▶ **WHAT YOU HAVE TO DO**
Locate the string "congr" throughout the material and copy every line in which it occurs.

▶ **INFORMATION**
= Beginning of Section =

Lemma happyH_digit_sum k m : m < b ^ k -> happyH b h m = digit_sum b h k m.
Proof.
move=> m_lt; have m_lt_log := trunc_log_ltn m b_gt1.
by case: (leqP k (trunc_log b m).+1) => [|/ltnW] le_k; [|symmetry];
  apply: digit_sum_widen.
Qed.

Lemma happyH_cat q L T y : T < b ^ q -> y < b ^ L ->
  happyH b h (T * b ^ L + y) = digit_sum b h L y + digit_sum b h q T.
Proof.
move=> T_lt y_lt; rewrite (@happyH_digit_sum (L + q)) ?digit_sum_cat //.
by rewrite expnD; nia.
Qed.

Hypothesis h1 : h 1 = 1.

Lemma digit_sum_repunit j k : k <= j -> digit_sum b h j (repunit b k) = k.
Proof.
elim: k j => [|k IH] [|j] //= le_kj; rewrite ?digit_sum_0r //.
rewrite digit_sumS (addnC 1) mulnC modnMDl divnMDl; last by lia.
by rewrite modn_small // divn_small // addn0 h1 IH.
Qed.

Lemma digit_sum_happy_prefix q t : 0 < t -> t <= q ->
  digit_sum b h q (happy_prefix b q t) = t.
Proof.
move=> t_gt0 t_le_q; have := digit_sum_cat 1 1 (repunit_lt_prefix b_gt1 t_le_q).
rewrite mul1n (_ : q.-1 + 1 = q); last by lia.
rewrite /happy_prefix => ->; rewrite digit_sumS digit_sum0 modn_small // h1.
by rewrite digit_sum_repunit; lia.
Qed.

End DigitSum.

Lemma n_strict_block b q T : 1 < b -> 0 < q -> b ^ q.-1 <= T < b ^ q ->
  n_strict b (q * 4) (T * b ^ (3 * q)) (T * b ^ (3 * q) + b ^ (3 * q) - 1).
Proof.
move=> b_gt1 q_gt0 /andP[T_ge T_lt].
have N_gt0 : 0 < b ^ (3 * q) by rewrite expn_gt0; lia.
have lo_n : b ^ (q * 4).-1 = b ^ q.-1 * b ^ (3 * q).
  by rewrite -expnD; congr (_ ^ _); lia.
have hi_n : b ^ (q * 4) = b ^ q * b ^ (3 * q) by rewrite -expnD; congr (_ ^ _); lia.
rewrite /n_strict /icard lo_n hi_n mulnA mulnK // leq_mul //.
set N := b ^ (3 * q) in N_gt0 *.
by split; [lia | split=> //; split; [nia | lia]].
Qed.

= End of Section =

▶ **TASK RESULT**
  by rewrite -expnD; congr (_ ^ _); lia.
have hi_n : b ^ (q * 4) = b ^ q * b ^ (3 * q) by rewrite -expnD; congr (_ ^ _); lia.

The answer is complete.